Need advice from experienced Product Managers at tech product companies.
This is my first job. I come from an IIT with top of the class grades (in a non-IT branch with no DSA prep) and had very strong extra-curriculars too. Having said that, I was a top candidate for consulting roles as well as product roles on campus. As fate would have it, I got into a PM role. Now I have always been fascinated by the role solely because it was always glorified as 'the Entrepreneur to be' role. (at least to me, that was the entire USP of it).
It has been a few months for me in Product. During the prep, there is all the Product thinking and user empathy, maybe some ask of data analysis. But when it comes to the real job, I am barely ever able to get my hands on the first two. All the time gets used up in execution because my company is too lean to have any dedicated project managers (the pay is great though). The remaining time goes in data retrieval (not analysis) because apparently PMs and SPMs don't write queries or interact with users. They opine (what their manager opines up the ladder) I fear if it's the same everywhere else. It was like this at my previous organisation (internship, non tech) where the CEO yelled at people when on-ground numbers did not reflect his thoughts. The only difference here is that there is no yelling, just subtle corporate HR cushioned pressure.

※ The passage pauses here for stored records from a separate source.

(* For every finite set $\Omega$ with $|\Omega|\ge2$ and every $\varepsilon>0$ there exist $\delta>0$ and $n_0>0$ such that for all $n>n_0$ and all $\mu,\nu\in\mathcal P(\Omega^n)$: if $D_\square(\mu,\nu)<\delta$ then $\mathcal D_1(\mathcal O_\mu,\mathcal O_\nu)<\varepsilon$.
   Context: $\mathcal P(\mathcal X)$ denotes the set of probability measures on a finite set $\mathcal X$, identified with the standard simplex with the total variation norm $\|p-q\|_{TV}=\frac12\sum_x|p(x)-q(x)|$; $\mathcal P^2(\mathcal X)$ is the set of probability measures on $\mathcal P(\mathcal X)$, and $\mathcal D_1$ denotes the Wasserstein $\ell_1$-distance on $\mathcal P^2(\mathcal X)$ (with respect to the total variation distance on $\mathcal P(\mathcal X)$). The overlap of $\sigma,\tau\in\Omega^n$ is the distribution $\rho_{\sigma,\tau}\in\mathcal P(\Omega\times\Omega)$, $\rho_{\sigma,\tau}(\omega,\omega')=\frac1n\sum_{i=1}^n\mathbf 1\{\sigma_i=\omega,\tau_i=\omega'\}$; the overlap $\mathcal O_\mu\in\mathcal P^2(\Omega\times\Omega)$ of $\mu\in\mathcal P(\Omega^n)$ is the law of $\rho_{\sigma,\tau}$ where $\sigma,\tau$ are independent samples from $\mu$. For $\mu,\nu\in\mathcal P(\Omega^n)$ let $\Gamma(\mu,\nu)$ be the set of couplings, i.e. probability measures $\gamma$ on $\Omega^n\times\Omega^n$ whose first and second marginals are $\mu$ and $\nu$. The cut metric is $D_\square(\mu,\nu)=\frac1n\min_{\gamma\in\Gamma(\mu,\nu)}\max_{I\subset[n],\,B\subset\Omega^n\times\Omega^n,\,\omega\in\Omega}\Big|\sum_{i\in I}\sum_{(\sigma,\tau)\in B}\gamma(\sigma,\tau)\big(\mathbf 1\{\sigma_i=\omega\}-\mathbf 1\{\tau_i=\omega\}\big)\Big|$. *)

From HB Require Import structures.
From Stdlib Require Import Reals.
From mathcomp Require Import all_boot.

Set Implicit Arguments.
Unset Strict Implicit.
Unset Printing Implicit Defensive.

(* Decidable equality on R (from the Stdlib Reals axioms), so that elements
   of P(X) (functions X -> R on a finite X) form an eqType. *)
Definition Reqb (x y : R) : bool := if Req_EM_T x y then true else false.
Lemma Reqb_axiom : Equality.axiom Reqb.
Proof. move=> x y; rewrite /Reqb; case: Req_EM_T => h; constructor => //. Qed.
HB.instance Definition _ := hasDecEq.Build R Reqb_axiom.
(* Let $P,R\in\mathrm{Sym}(n,\mathbb{R})$, $Q\in\mathrm{Mat}(n,\mathbb{R})$ with $\langle Pv,v\rangle\ge C_1|v|^2$ for some $C_1>0$ and all $v$. For $\lambda\in\mathbb{R}$ let $B_\lambda=\begin{bmatrix}P^{-1}&-P^{-1}Q\\-Q^TP^{-1}&Q^TP^{-1}Q-R-\lambda I_n\end{bmatrix}$ and $J=\begin{bmatrix}0&-I_n\\ I_n&0\end{bmatrix}$. If $JB_0$ is hyperbolic, then $JB_\lambda$ is hyperbolic for every $\lambda\ge0$.
   Context: A real matrix is hyperbolic if it has no eigenvalue on the imaginary axis. *)

From HB Require Import structures.
From mathcomp Require Import all_boot all_order all_algebra.
From mathcomp Require Import complex.
Set Implicit Arguments. Unset Strict Implicit. Unset Printing Implicit Defensive.
Import Order.TTheory GRing.Theory Num.Theory.
Local Open Scope ring_scope.

(* The real numbers are modelled by an arbitrary real closed field R
   (this includes the reals); complex numbers are R[i] = complex R. *)

Definition cplx_mx (R : rcfType) (m : nat) (M : 'M[R]_m) : 'M[R[i]]_m :=
  map_mx (real_complex R) M.

Definition hyperbolic (R : rcfType) (m : nat) (M : 'M[R]_m) : Prop :=
  forall z : R[i], eigenvalue (cplx_mx M) z -> complex.Re z != 0.

Definition Jmx (R : rcfType) (n : nat) : 'M[R]_(n + n) :=
  block_mx 0 (- 1%:M) 1%:M 0.

Definition Bmx (R : rcfType) (n : nat) (P Q Rm : 'M[R]_n) (lam : R)
  : 'M[R]_(n + n) :=
  block_mx (invmx P) (- (invmx P *m Q))
           (- (Q^T *m invmx P)) (Q^T *m invmx P *m Q - Rm - lam%:M).

Definition inner (R : rcfType) (n : nat) (u v : 'cV[R]_n) : R :=
  \sum_(i < n) u i 0 * v i 0.

From HB Require Import structures.
From mathcomp Require Import all_boot all_order all_algebra.
From mathcomp Require Import complex polyrcf.
From mathcomp Require Import ring.
Import Order.TTheory GRing.Theory Num.Theory.
Local Open Scope ring_scope.
Set Implicit Arguments. Unset Strict Implicit. Unset Printing Implicit Defensive.

(* Purely imaginary eigenvalues i w of J B_lam are the real w for which the
   Hermitian pencil H(w) + lam is singular, where H(w) = R + w K + w^2 P and
   K = i (Q^T - Q).  Hyperbolicity of J B_0 says that H(w) is nonsingular for
   every real w.  A family of Hermitian matrices depending polynomially on a
   real parameter keeps its inertia as long as it stays nonsingular: the
   coefficients of det (X + H(s)) are real polynomials in s, all positive
   exactly when H(s) is positive definite, and they can only leave the
   positive cone at a parameter where H(s) is singular.  The reversed pencil
   G(u) = P + u K + u^2 R = u^2 H(1/u) is nonsingular as well and equals the
   positive definite P at u = 0, so G is positive definite everywhere; as
   H(1) = G(1), so is H, and then H(w) + lam is nonsingular for lam >= 0. *)

Lemma coef_prod_XsubC_real (C : numDomainType) (s : seq C) k :
  all (fun x => x \is Num.real) s -> (\prod_(x <- s) ('X - x%:P))`_k \is Num.real.
Proof.
elim: s k => [k _|x s IH k /= /andP [xr sr]].
  by rewrite big_nil coef1; case: (k == 0)%N.
rewrite big_cons mulrBl coefB coefXM coefCM.
apply: realB; first by case: (k == 0)%N; [exact: real0 | exact: IH].
by apply: realM => //; apply: IH.
Qed.

Lemma coef_prod_XsubC_neg (C : numDomainType) (s : seq C) k :
  all (fun x => x < 0) s ->
  0 <= (\prod_(x <- s) ('X - x%:P))`_k /\
  ((k <= size s)%N -> 0 < (\prod_(x <- s) ('X - x%:P))`_k).
Proof.
elim: s k => [k _|x s IH k /= /andP [x_lt0 s_lt0]].
  by rewrite big_nil coef1; case: k.
rewrite big_cons mulrBl coefB coefXM coefCM -mulNr.
have Nx_gt0 : 0 < - x by rewrite oppr_gt0.
have Nx_ge0 := ltW Nx_gt0.
case: k => [|k] /=.
  have [_ /(_ (leq0n _)) p0_gt0] := IH 0%N s_lt0.
  by rewrite add0r; split=> [|_]; [apply/ltW/mulr_gt0 | apply: mulr_gt0].
have [pk_ge0 pk_gt0] := IH k s_lt0; have [pSk_ge0 _] := IH k.+1 s_lt0.
split=> [|k_le]; first by apply: addr_ge0 => //; apply: mulr_ge0.
by apply: ltr_pwDl; [apply: pk_gt0 | apply: mulr_ge0].
Qed.

Lemma horner_gt0_coef_ge0 (C : numDomainType) (p : {poly C}) t :
  (forall k, 0 <= p`_k) -> 0 < p`_0 -> 0 <= t -> 0 < p.[t].
Proof.
move=> p_ge0 p0_gt0 t_ge0; rewrite horner_coef.
have : (0 < size p)%N.
  by rewrite lt0n size_poly_eq0; apply: contraTneq p0_gt0 => ->; rewrite coef0 ltxx.
case: (size p) => // m _; rewrite big_ord_recl expr0 mulr1.
by apply: ltr_pwDl => //; apply: sumr_ge0 => i _; apply: mulr_ge0; rewrite ?exprn_ge0.
Qed.

Lemma horner_char_poly (F : comNzRingType) n (A : 'M[F]_n) x :
  (char_poly A).[x] = \det (x%:M - A).
Proof.
rewrite /char_poly -horner_evalE -(det_map_mx (horner_eval x)).
congr (\det _); apply/matrixP => i j; rewrite !mxE /= horner_evalE !hornerE.
by rewrite hornerMn hornerX.
Qed.

Lemma coef0_char_poly_opp (F : comNzRingType) n (A : 'M[F]_n) :
  (char_poly (- A))`_0 = \det A.
Proof.
by rewrite char_poly_det -scaleN1r detZ mulrA -exprMn mulrNN mulr1 expr1n mul1r.
Qed.

Lemma char_poly_similar (F : fieldType) n (P D : 'M[F]_n) :
  P \in unitmx -> char_poly (invmx P *m D *m P) = char_poly D.
Proof.
move=> P_unit; rewrite /char_poly /char_poly_mx.
set P' := map_mx polyC P.
have P'_unit : P' \in unitmx by rewrite map_unitmx.
rewrite !map_mxM map_invmx -/P'.
have eX : ('X%:M : 'M[{poly F}]_n) = invmx P' *m 'X%:M *m P'.
  by rewrite mul_mx_scalar -scalemxAl mulVmx // scalemx1.
by rewrite {1}eX -mulmxBl -mulmxBr !det_mulmx mulrC mulrA -det_mulmx mulmxV // det1 mul1r.
Qed.

(* For a Hermitian matrix [A] this says that all eigenvalues of [A] are
   positive, i.e. that [A] is positive definite. *)
Definition posdef_char (C : numDomainType) n (A : 'M[C]_n) : Prop :=
  forall k, (k <= n)%N -> 0 < (char_poly (- A))`_k.

Lemma det_shift_gt0 (C : numDomainType) n (A : 'M[C]_n) t :
  (forall k, (k <= n)%N -> 0 <= (char_poly (- A))`_k) -> 0 < \det A -> 0 <= t ->
  0 < \det (t%:M + A).
Proof.
move=> coef_ge0 detA_gt0 t_ge0; rewrite -[A]opprK -horner_char_poly.
apply: horner_gt0_coef_ge0; rewrite ?coef0_char_poly_opp // => k.
by case: (leqP k n) => [/coef_ge0 // | n_lt_k]; rewrite nth_default // size_char_poly.
Qed.

Lemma posdef_char_det_shift (C : numDomainType) n (A : 'M[C]_n) t :
  posdef_char A -> 0 <= t -> \det (t%:M + A) != 0.
Proof.
move=> A_pos t_ge0; apply/lt0r_neq0/det_shift_gt0 => // [k /A_pos/ltW //|].
by rewrite -coef0_char_poly_opp; apply: A_pos.
Qed.

Section Hermitian.
Variable C : numClosedFieldType.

Maybe it is the 'fast moving' nature of the organisation but the best that I can describe it as is a feature shipping factory with no aim for differentiation whatsoever. All ideas are built from the incumbents' implementations. Any attempt at differentiation is shot down (by middle management) whose primary metric is the number of features against their name at the end of the appraisal cycle. While top down, this may look great: we are trying 100 things, getting 90 of them correct. But there's a possibility that we could have done 92 things, 91 correct, 1 wrong. But the 1 extra correct thing could have been something novel that the users actually wanted. The chances of this happening are not so bleak, in my opinion, because the high level (upper management) cannot possibly be in touch with the on ground reality (no matter how much they claim it in their linkedin posts).

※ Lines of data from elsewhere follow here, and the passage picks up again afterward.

(* For every $k\ge 8$, the connected component of $\mathbf{DCM}_k$ containing the rings is not bipartite.
   Context: Let $k\ge 1$ and let $X_{2k}=\{P_1,\dots,P_{2k}\}$ be $2k$ points in convex position in the plane, labeled in clockwise cyclic order. A matching of $X_{2k}$ means a set of $k$ pairwise non-crossing straight segments (edges) with endpoints in $X_{2k}$ covering every point exactly once. Two matchings $M,M'$ of $X_{2k}$ are disjoint compatible if they have no common edge and no edge of $M$ crosses an edge of $M'$. $\mathbf{DCM}_k$ is the graph whose vertices are the matchings of $X_{2k}$, two being adjacent iff they are disjoint compatible. The rings of $X_{2k}$ ($k\ge 2$) are the two matchings $\{P_1P_2,P_3P_4,\dots,P_{2k-1}P_{2k}\}$ and $\{P_2P_3,P_4P_5,\dots,P_{2k}P_1\}$; they are disjoint compatible to each other, hence lie in the same component. *)

From mathcomp Require Import all_boot.
Set Implicit Arguments. Unset Strict Implicit. Unset Printing Implicit Defensive.

(* Points P_1..P_{2k} in convex position, clockwise, are encoded by their
   labels 0..2k-1 (P_{i+1} <-> i : 'I_(k.*2)).  Since the points are in convex
   position, whether two segments cross depends only on the cyclic order. *)

Definition strictly_between (a b x : nat) : bool := (minn a b < x < maxn a b).

(* The (closed) segments P_aP_b and P_cP_d, with a != b, c != d, cross
   (properly, i.e. share an interior point) iff their four endpoints are
   distinct and exactly one of c, d lies on each side of the chord ab. *)
Definition seg_cross n (a b c d : 'I_n) : bool :=
  [&& a != c, a != d, b != c, b != d &
      strictly_between a b c (+) strictly_between a b d].

(* A matching is encoded by the fixed-point-free involution f mapping each
   point to its partner; its edges are the segments P_i P_(f i). *)
Definition is_matching n (f : {ffun 'I_n -> 'I_n}) : bool :=
  [forall i, (f i != i) && (f (f i) == i)] &&
  [forall i, forall j, ~~ seg_cross i (f i) j (f j)].

Definition disj_compat n (f g : {ffun 'I_n -> 'I_n}) : bool :=
  [forall i, f i != g i] &&
  [forall i, forall j, ~~ seg_cross i (f i) j (g j)].
Lemma sum_n_m_le_upper (g : nat -> R) (n p q : nat) :
  (forall k, 0 <= g k) -> (p <= q)%nat -> sum_n_m g n p <= sum_n_m g n q.
Proof.
  intros g_ge0 pq.
  destruct (le_lt_dec n (S p)) as [np|pn].
  - rewrite (sum_n_m_Chasles g n p q np pq).
    pose proof (sum_n_m_nonneg g (S p) q g_ge0).
    change (plus ?a ?b) with (a + b); lra.
  - rewrite sum_n_m_zero by lia. exact (sum_n_m_nonneg g n q g_ge0).
Qed.

Lemma sum_n_m_shift {G : AbelianMonoid} (a : nat -> G) (p n q : nat) :
  sum_n_m (fun j => a (p + j)%nat) n q = sum_n_m a (p + n) (p + q).
Proof.
  revert a; induction p as [|p IH]; intros a.
  - reflexivity.
  - cbn [Nat.add]. rewrite <- sum_n_m_S. exact (IH (fun i => a (S i))).
Qed.

Lemma sum_n_m_telescope {G : AbelianGroup} (P : nat -> G) (a b : nat) :
  (a <= b)%nat ->
  sum_n_m (fun k => minus (P (S k)) (P k)) a b = minus (P (S b)) (P a).
Proof.
  induction 1 as [|b ab IH].
  - now rewrite sum_n_n.
  - rewrite sum_n_Sm, IH by lia.
    rewrite (minus_trans (P (S b)) (P (S (S b))) (P a)). apply plus_comm.
Qed.

Lemma sum_n_m_abel {V : ModuleSpace R_Ring} (T : nat -> R) (u : nat -> V) (a b : nat) :
  (a <= b)%nat ->
  sum_n_m (fun k => scal (T (S k) - T k) (u k)) a b =
  plus (minus (scal (T (S b)) (u (S b))) (scal (T a) (u a)))
       (sum_n_m (fun k => scal (T (S k)) (minus (u k) (u (S k)))) a b).
Proof.
  intros ab.
  rewrite <- sum_n_m_telescope with (P := fun k => scal (T k) (u k)) by exact ab.
  rewrite <- sum_n_m_plus. apply sum_n_m_ext. intros k.
  etransitivity; [exact (scal_minus_distr_r (T (S k)) (T k) (u k))|].
  rewrite scal_minus_distr_l.
  rewrite (minus_trans (scal (T (S k)) (u (S k)))). apply plus_comm.
Qed.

I am told that I should push engineers towards the solutions that will be the fastest (even if they callout potential tech debt) so that more features can be shipped in the least amount of time.
Now, I really don't aspire to be like the people who are above me. And I don't know if it's a normal thing. I don't want to become the person who imposes their 'hunch' (just a copy of what some other app did 2 years back) onto the actual owner of the project when data is inconclusive. I don't find any intellectual stimulation in it.
Am I PM-ing wrong? Am I PM-ing in the wrong Org? Or am I not meant to be a PM?